From: David Booth <david@dbooth.org>
Date: Fri, 04 Mar 2011 13:18:28 -0500
To: nathan@webr3.org
Cc: AWWSW TF <public-awwsw@w3.org>
Message-ID: <1299262708.2525.30494.camel@dbooth-laptop>

Have you looked at the definition of IR that I proposed a while back?
It is logically equivalent to Roy's definition of a REST resource, but
it pulls the Request parameter out earlier.  Roy's notion of a REST
resource, roy:RR, is basically a "Curried" form of ftrr:IR
http://en.wikipedia.org/wiki/Currying :

  for any Time t and Request req, ftrr:IR(t, req) = roy:RR(t)(req).

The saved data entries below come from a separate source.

(* Every tree $T$ with at least two vertices contains a vertex $r$ such that the components $B_1,\dots,B_m$ of $T-r$ can be partitioned into two classes $\mathcal{C}_1$ and $\mathcal{C}_2$ such that for both $j\in\{1,2\}$, $$\sum_{B_i\in\mathcal{C}_j}|V(B_i)\cap \mathrm{Even}_T(r)| + \sum_{B_i\notin\mathcal{C}_j}|V(B_i)\cap\mathrm{Odd}_T(r)| \le \left(\frac23-\frac{1}{3\Delta(T)}\right)|T|+\frac12.$$
   Context: For a vertex $v$ of a tree $T$, $\mathrm{Even}_T(v)$ is the set of vertices at even distance from $v$ in $T$, excluding $v$ itself, and $\mathrm{Odd}_T(v)$ is the set of vertices at odd distance from $v$. $|T|$ is the number of vertices and $\Delta(T)$ the maximum degree. *)

From HB Require Import structures.
From mathcomp Require Import all_boot all_order all_algebra.
Set Implicit Arguments. Unset Strict Implicit. Unset Printing Implicit Defensive.
Import Order.TTheory GRing.Theory Num.Theory.

(* A simple graph on a finite vertex type V is a symmetric irreflexive
   relation e. *)
Section Graphs.
Variable V : finType.
Variable e : rel V.

Definition has_cycle : Prop :=
  exists c : seq V, [/\ 2 < size c, uniq c & cycle e c].

Definition is_tree : Prop :=
  [/\ symmetric e, irreflexive e, (forall x y, connect e x y) & ~ has_cycle].

Fixpoint ball (x : V) (n : nat) : {set V} :=
  if n is n'.+1 then ball x n' :|: [set y | [exists z in ball x n', e z y]]
  else [set x].

(* Graph distance: least n with y in ball x n (distances in a connected
   graph are < #|V|; unreachable vertices would get #|V|). *)
Definition dist (x y : V) : nat := find (fun n => y \in ball x n) (iota 0 #|V|).

Definition Even (v : V) : {set V} := [set u | (u != v) && ~~ odd (dist v u)].
Definition Odd (v : V) : {set V} := [set u | odd (dist v u)].

Definition maxdeg : nat := \max_(v : V) #|[set u | e v u]|.

Definition del_rel (r : V) : rel V := [rel x y | [&& e x y, x != r & y != r]].

Definition comps (r : V) : {set {set V}} :=
  [set [set y | connect (del_rel r) x y] | x in [set~ r]].

Definition class_weight (r : V) (C : {set {set V}}) : nat :=
  \sum_(B in C) #|B :&: Even r| + \sum_(B in comps r :\: C) #|B :&: Odd r|.

End Graphs.

From HB Require Import structures.
From mathcomp Require Import all_boot all_order all_algebra.
From mathcomp Require Import zify ring lra.
Set Implicit Arguments. Unset Strict Implicit. Unset Printing Implicit Defensive.
Import Order.TTheory GRing.Theory Num.Theory.

(* Two-colour the tree by the parity of the depth, with b <= a vertices in the
   two colour classes; since every non-root vertex is joined to its parent,
   n - 1 <= b Delta.  Give every vertex the sign +1 or -1 according to its
   colour and call the signed count of a component its excess.  For a root v,
   the two quantities of the statement are |Odd(v)| +- (excess of C1) and
   |Odd(v)| -+ (excess of C2), so it suffices to find v and components of T - v
   whose total excess lies in a window [low v, high v].  Among all pairs (v, Q)
   where Q is a family of components of T - v of total excess >= low v, take one
   covering the fewest vertices: every component in Q then has excess < low v,
   for otherwise moving the root into that component would give a smaller pair.
   A greedy choice of components of Q now reaches a total in [low v, 2 low v),
   and 2 low v <= high v follows from n - 1 <= b Delta. *)

Lemma path_suffix_last_visit (T : eqType) (e : rel T) w x p :
  path e x p -> w \in x :: p ->
  exists q, [/\ path e w q, last w q = last x p, w \notin q,
                {subset q <= p} & size q <= size p].
Proof.
elim: p x => [|y p IHp] x /=.
  by move=> _; rewrite inE => /eqP ->; exists [::].
move=> /andP [exy p_path] w_in.
case w_p: (w \in y :: p).
  have [q [q_path q_last w_q sub_q size_q]] := IHp y p_path w_p.
  exists q; split => //; last exact: leqW.
  by move=> z /sub_q z_p; rewrite inE z_p orbT.
move: w_in; rewrite inE w_p orbF => /eqP w_x; subst w.
by exists (y :: p); split => //=; rewrite ?exy // w_p.
Qed.

Lemma card_setI_sum (T : finType) (A S : {set T}) :
  #|A :&: S| = \sum_(u in A) (u \in S).
Proof.
rewrite -sum1_card big_mkcond [RHS]big_mkcond /=; apply: eq_bigr => u _.
by rewrite inE; case: (u \in A); case: (u \in S).
Qed.

Local Open Scope ring_scope.

Lemma subset_sum_window (R : realDomainType) (T : finType) (f : T -> R) (lo : R)
    (S : {set T}) :
  0 < lo -> (forall x, x \in S -> f x < lo) -> lo <= \sum_(x in S) f x ->
  exists2 C : {set T}, C \subset S & lo <= \sum_(x in C) f x < lo *+ 2.
Proof.
move=> lo_gt0; have [n ltSn] := ubnP #|S|; elim: n S ltSn => // n IHn S ltSn f_lt lo_le.
have [S0 | [x Sx]] := set_0Vmem S.
  by move: lo_le; rewrite S0 big_set0 leNgt lo_gt0.
have [lo_le' | sum_lt] := lerP lo (\sum_(y in S :\ x) f y).
  have ltSn' : (#|S :\ x| < n)%N by move: ltSn; rewrite (cardsD1 x S) Sx.
  have f_lt' y : y \in S :\ x -> f y < lo by move/setD1P => [_ /f_lt].
  have [C sub_C sum_C] := IHn _ ltSn' f_lt' lo_le'.
  by exists C => //; apply: subset_trans sub_C (subD1set S x).
exists S => //; rewrite lo_le (big_setD1 x Sx) mulr2n /=.
by rewrite ltrD ?f_lt.
Qed.

Definition paper_bound (n D : nat) : rat :=
  (2%:R / 3%:R - 1 / (3%:R * D%:R)) * n%:R + 1 / 2%:R.

Lemma minority_le_paper_bound n a b D :
  (a + b = n)%N -> (b <= a)%N -> (n.-1 <= b * D)%N -> b%:R <= paper_bound n D.
Proof.
move=> card_ab le_ba le_nbD; rewrite /paper_bound.
have b_half : 2%:R * b%:R <= n%:R :> rat by rewrite -natrM ler_nat; lia.
have n_ge0 : 0 <= n%:R :> rat := ler0n _ _.
have [-> | D_gt0] := posnP D.
  by rewrite mulr0n mulr0 invr0 mulr0 subr0; lra.
have [D1 | D_ge2] := leqP D 1.
  have D_eq1 : D = 1%N by lia.
  rewrite D_eq1 muln1 in le_nbD.
  have n_le2 : n%:R <= 2%:R :> rat by rewrite ler_nat; lia.
  by rewrite D_eq1 mulr1; lra.
set t : rat := 1 / (3%:R * D%:R).
have tD : t * (3%:R * D%:R) = 1.
  by rewrite /t mul1r mulVf // mulf_neq0 // pnatr_eq0 -lt0n.
have D2 : 2%:R <= D%:R :> rat by rewrite ler_nat.
have t_le : t *+ 6 <= 1 by nra.
nra.
Qed.

Lemma le_three_paper_bound n a b D :
  (a + b = n)%N -> (n.-1 <= b * D)%N -> (a + n)%:R <= 3%:R * paper_bound n D + 1.
Proof.
move=> card_ab le_nbD; rewrite /paper_bound.
have card_ab_rat : a%:R + b%:R = n%:R :> rat by rewrite -natrD card_ab.
have b_ge0 : 0 <= b%:R :> rat := ler0n _ _.
rewrite natrD.
have [-> | D_gt0] := posnP D.
  by rewrite mulr0n mulr0 invr0 mulr0 subr0; lra.
set t : rat := 1 / (3%:R * D%:R).
have t_ge0 : 0 <= t by rewrite divr_ge0 ?mulr_ge0 ?ler0n.
have tD : t * (3%:R * D%:R) = 1.
  by rewrite /t mul1r mulVf // mulf_neq0 // pnatr_eq0 -lt0n.
have D_ge1 : 1 <= D%:R :> rat by rewrite ler1n.
have n_le : n%:R <= b%:R * D%:R + 1 :> rat by rewrite -natrM natr1 ler_nat; lia.
have t_le : t *+ 3 <= 1 by nra.
have : t *+ 3 * n%:R <= b%:R + 1 by nra.
lra.
Qed.

Local Close Scope ring_scope.

Section Tree.
Variables (V : finType) (e : rel V).
Hypothesis e_sym : symmetric e.
Hypothesis e_irr : irreflexive e.
Hypothesis e_conn : forall x y, connect e x y.
Hypothesis e_acyclic : ~ has_cycle e.

Lemma ballP x n y :
  reflect (exists p, [/\ path e x p, last x p = y & size p <= n]) (y \in ball e x n).
Proof.
apply: (iffP idP).
  elim: n y => [|n IHn] y /=.
    by rewrite inE => /eqP ->; exists [::].
  rewrite inE => /orP [/IHn [p [p_path p_last p_size]]|].
    by exists p; split => //; apply: leqW.
  rewrite inE => /existsP [z /andP [/IHn [p [p_path p_last p_size]] ezy]].
  exists (rcons p y); split.
  - by rewrite rcons_path p_path p_last.
  - by rewrite last_rcons.
  - by rewrite size_rcons.
elim: n y => [|n IHn] y /= [p [p_path p_last p_size]].
  by move: p_size; rewrite leqn0 => /nilP p0; rewrite inE -p_last p0.
rewrite inE; case: (leqP (size p) n) => size_p.
  by rewrite IHn //; exists p.
apply/orP; right; rewrite inE.
have {p_size size_p} : size p = n.+1 by apply/eqP; rewrite eqn_leq p_size size_p.
move: p_path p_last; case/lastP: p => [|p z] //.
rewrite rcons_path last_rcons size_rcons => /andP [p_path ez] z_y [size_p]; subst z.
apply/existsP; exists (last x p); rewrite ez andbT.
by apply: IHn; exists p; rewrite size_p.
Qed.

Lemma dist_leq_ball x y k : y \in ball e x k -> k < #|V| -> dist e x y <= k.
Proof.
move=> y_ball k_lt; rewrite /dist.
case: leqP => // lt_find.
by have := before_find 0 lt_find; rewrite nth_iota // add0n y_ball.
Qed.

Lemma ball_dist x y k : y \in ball e x k -> k < #|V| -> y \in ball e x (dist e x y).
Proof.
move=> y_ball k_lt.
have has_ball : has (fun n => y \in ball e x n) (iota 0 #|V|).
  by apply/hasP; exists k; rewrite ?mem_iota.
have find_lt : find (fun n => y \in ball e x n) (iota 0 #|V|) < #|V|.
  by rewrite -[X in _ < X](size_iota 0) -has_find.
by have := nth_find 0 has_ball; rewrite nth_iota.
Qed.

Lemma dist_xx x : dist e x x = 0.
Proof.
apply/eqP; rewrite -leqn0; apply: dist_leq_ball; first by rewrite /= inE.
by apply/card_gt0P; exists x.
Qed.

Lemma exists_short_path x y :
  exists p, [/\ path e x p, last x p = y & size p < #|V|].
Proof.
have /connectP [p p_path ->] := e_conn x y.
have [q q_path q_uniq _] := shortenP p_path.
exists q; split => //.
by have := max_card (mem (x :: q)); move/card_uniqP: q_uniq => ->.
Qed.

Lemma dist_leq_size x p : path e x p -> dist e x (last x p) <= size p.
Proof.
move=> p_path; case: (ltnP (size p) #|V|) => size_p.
  by apply: dist_leq_ball => //; apply/ballP; exists p.
have [q [q_path q_last size_q]] := exists_short_path x (last x p).
apply: leq_trans (ltnW (leq_trans size_q size_p)).
by apply: dist_leq_ball => //; apply/ballP; exists q.
Qed.

Lemma shortest_path x y :
  exists p, [/\ path e x p, last x p = y & size p = dist e x y].
Proof.
have [q [q_path q_last size_q]] := exists_short_path x y.
have y_ball : y \in ball e x (size q) by apply/ballP; exists q.
have /ballP [p [p_path p_last size_p]] := ball_dist y_ball size_q.
exists p; split => //; apply/eqP; rewrite eqn_leq size_p.
by rewrite -p_last dist_leq_size.
Qed.

Lemma dist_edge x y : e x y -> dist e x y = 1.
Proof.
move=> exy; apply/eqP; rewrite eqn_leq.
have -> : dist e x y <= 1 by have := @dist_leq_size x [:: y]; rewrite /= exy; apply.
have [[|z p] [_ /= p_last <-]] // := shortest_path x y.
by rewrite p_last e_irr in exy.
Qed.

Lemma del_rel_sym w : symmetric (del_rel e w).
Proof. by move=> x y; rewrite /del_rel /= e_sym; case: (e y x); rewrite //= andbC. Qed.

Lemma del_rel_sub w : subrel (del_rel e w) e.
Proof. by move=> x y /andP []. Qed.

Lemma path_del_rel w x p : path e x p -> w \notin x :: p -> path (del_rel e w) x p.
Proof.
elim: p x => [|y p IHp] x //= /andP [exy p_path].
rewrite !inE !negb_or => /and3P [x_w y_w w_p].
rewrite /del_rel /= exy eq_sym x_w eq_sym y_w IHp //.
by rewrite inE negb_or y_w.
Qed.

Lemma path_del_rel_notin w x p : path (del_rel e w) x p -> w \notin p.
Proof.
elim: p x => [|y p IHp] x //= /andP [/and3P [_ _ y_w] p_path].
by rewrite inE negb_or eq_sym y_w (IHp y).
Qed.

Lemma connect_del_rel_neq w x y : connect (del_rel e w) x y -> x != w -> y != w.
Proof.
move=> /connectP [p p_path ->] x_w.
have := mem_last x p; rewrite inE => /orP [/eqP -> //|last_p].
by apply: contraNneq (path_del_rel_notin p_path) => <-.
Qed.

Lemma disconnected_nbrs v c1 c2 :
  e v c1 -> e v c2 -> c1 != c2 -> ~~ connect (del_rel e v) c1 c2.
Proof.
move=> ec1 ec2 c12; apply/negP => /connectP [p p_path p_last].
case: (shortenP p_path) p_last => q q_path q_uniq _ q_last.
apply: e_acyclic; exists [:: v, c1 & q]; split.
- by case: q q_last {q_path q_uniq} => [/= c1_c2|] //; rewrite c1_c2 eqxx in c12.
- rewrite /= -/(uniq (c1 :: q)) q_uniq andbT inE negb_or.
  rewrite (path_del_rel_notin q_path) andbT.
  by apply: contraTneq ec1 => ->; rewrite e_irr.
- rewrite /cycle /= rcons_path ec1 (sub_path (@del_rel_sub v) q_path) /=.
  by rewrite -q_last e_sym.
Qed.

Lemma dist_nbr_comp v c u : e v c -> connect (del_rel e v) c u ->
  dist e v u = (dist e c u).+1.
Proof.
move=> evc c_u; apply/eqP; rewrite eqn_leq; apply/andP; split.
  have [p [p_path p_last p_size]] := shortest_path c u.
  by have := @dist_leq_size v (c :: p); rewrite /= evc p_path p_last p_size; apply.
have [p [p_path p_last p_size]] := shortest_path v u.
have [q [q_path q_last v_q _ size_q]] := path_suffix_last_visit p_path (mem_head v p).
have c_v : c != v by apply: contraTneq evc => ->; rewrite e_irr.
have u_v : u != v := connect_del_rel_neq c_u c_v.
case: q q_path q_last v_q size_q => [_ /= v_u|c' q /=].
  by rewrite v_u p_last eqxx in u_v.
move=> /andP [evc' q_path] q_last; rewrite inE negb_or => /andP [v_c' v_q] size_q.
have c'_u : connect (del_rel e v) c' u.
  apply/connectP; exists q; last by rewrite q_last p_last.
  by apply: path_del_rel => //; rewrite inE negb_or v_c'.
have c_c' : c = c'.
  apply/eqP/negPn/negP => /(disconnected_nbrs evc evc')/negP; apply.
  by apply: connect_trans c_u _; rewrite (sym_connect_sym (@del_rel_sym v)).
subst c'; rewrite -p_size.
by apply: (leq_ltn_trans _ size_q); rewrite -p_last -q_last dist_leq_size.
Qed.

Lemma connect_del_nbr v c u : e v c ->
  connect (del_rel e v) c u || connect (del_rel e c) v u.
Proof.
move=> evc; have /connectP [p p_path p_last] := e_conn v u.
have [q [q_path q_last v_q sub_q _]] := path_suffix_last_visit p_path (mem_head v p).
have c_v : c != v by apply: contraTneq evc => ->; rewrite e_irr.
case c_q: (c \in q).
  have [q' [q'_path q'_last _ sub_q' _]] :=
    path_suffix_last_visit q_path (@mem_behead _ (v :: q) c c_q).
  apply/orP; left; apply/connectP; exists q'; last by rewrite q'_last q_last.
  apply: path_del_rel => //; rewrite inE negb_or eq_sym c_v /=.
  by apply: contra v_q => /sub_q'.
apply/orP; right; apply/connectP; exists q; last by rewrite q_last.
by apply: path_del_rel => //; rewrite inE negb_or c_q c_v.
Qed.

If one wishes to nitpick, Roy does not explicitly say that the second
step of selecting a representation (via content negotiation) is
functional, but I think it is implied:
More precisely, a resource R is a temporally varying membership function
MR(t), which for time t maps to a set of entities, or values, which are
equivalent. The values in the set may be resource representations and/or
resource identifiers. [ . . . ]

This abstract definition of a resource . . . allows late binding of the
reference to a representation, enabling content negotiation to take
place based on characteristics of the request.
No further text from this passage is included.